*** Records shown Section Begins ***

Lemma visit_prob_le1 m i0 p : visit_prob m i0 p <= 1.
Proof.
rewrite -(proj2 (hT (pi p.2)) p.1); apply: ler_sum => x _.
rewrite ler_piMr ?T_ge0 //.
exact: colstoch_le1 (colstoch_mxpow m colstoch_induced_chain).
Qed.

Lemma one_sub_no_hit_probS M p :
  1 - no_hit_prob M.+1 p =
  \sum_(q | hits q) trans_prob p q +
  \sum_(q | ~~ hits q) trans_prob p q * (1 - no_hit_prob M q).
Proof.
have hsum := sum_trans_prob p; rewrite (bigID hits) /= in hsum.
under [X in _ = _ + X]eq_bigr do rewrite mulrBr mulr1.
by rewrite -{1}hsum sumrB addrA.
Qed.

Lemma visit_prob_le_hit i0 j0 : hits (i0, j0) -> forall m p,
  O j0 i0 * visit_prob m i0 p <= 1 - no_hit_prob m.+1 p.
Proof.
move=> hit0; elim=> [|m IH] p; rewrite one_sub_no_hit_probS.
  rewrite visit_prob0 (bigD1 (i0, j0)) //= mulrC -addrA lerDl.
  by rewrite addr_ge0 ?sumr_ge0 // => q _; rewrite ?subrr ?mulr0 ?trans_prob_ge0.
rewrite visit_probS mulr_sumr [leLHS](bigID hits) /=.
apply: lerD; apply: ler_sum => q hq; rewrite mulrCA.
  rewrite ler_piMr ?trans_prob_ge0 // -(mulr1 1) ler_pM ?O_ge0 ?visit_prob_ge0 //.
    exact: colstoch_le1.
  exact: visit_prob_le1.
by apply: ler_wpM2l; [exact: trans_prob_ge0 | exact: IH].
Qed.

Lemma no_hit_prob_eventually_lt1 i0 j0 :
  irreducible_chain Ind -> hits (i0, j0) -> 0 < O j0 i0 ->
  forall p, exists M0, forall M, (M0 <= M)%N -> no_hit_prob M p < 1.
Proof.
move=> hirr hit0 hO0 p.
have [x hx] : exists x, 0 < T (pi p.2) x p.1.
  apply/existsP; apply: contraT; rewrite negb_exists => /forallP hle.
  have := proj2 (hT (pi p.2)) p.1; rewrite big1 => [/eqP|y _].
    by rewrite eq_sym oner_eq0.
  by apply/eqP; rewrite eq_le T_ge0 andbT leNgt hle.
have [k hk] := hirr x i0.
exists k.+1 => M hM; apply: le_lt_trans (le_no_hit_prob p hM) _.
have hvisit : 0 < O j0 i0 * visit_prob k i0 p.
  rewrite mulr_gt0 // /visit_prob (bigD1 x) //= ltr_pwDl ?mulr_gt0 //.
  by apply: sumr_ge0 => y _; rewrite mulr_ge0 ?T_ge0 ?mxpow_induced_chain_ge0.
have := visit_prob_le_hit hit0 k p; lra.
Qed.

*** Records shown Section Ends ***

What the task requires -
Your answer should be the exact lines above from the one with "by apply: ler_wpM2l;" through the one with "rewrite mulr_gt0 //", both included, and nothing besides.

Task result -
by apply: ler_wpM2l; [exact: trans_prob_ge0 | exact: IH].
Qed.

Lemma no_hit_prob_eventually_lt1 i0 j0 :
  irreducible_chain Ind -> hits (i0, j0) -> 0 < O j0 i0 ->
  forall p, exists M0, forall M, (M0 <= M)%N -> no_hit_prob M p < 1.
Proof.
move=> hirr hit0 hO0 p.
have [x hx] : exists x, 0 < T (pi p.2) x p.1.
  apply/existsP; apply: contraT; rewrite negb_exists => /forallP hle.
  have := proj2 (hT (pi p.2)) p.1; rewrite big1 => [/eqP|y _].
    by rewrite eq_sym oner_eq0.
  by apply/eqP; rewrite eq_le T_ge0 andbT leNgt hle.
have [k hk] := hirr x i0.
exists k.+1 => M hM; apply: le_lt_trans (le_no_hit_prob p hM) _.
have hvisit : 0 < O j0 i0 * visit_prob k i0 p.
  rewrite mulr_gt0 // /visit_prob (bigD1 x) //= ltr_pwDl ?mulr_gt0 //.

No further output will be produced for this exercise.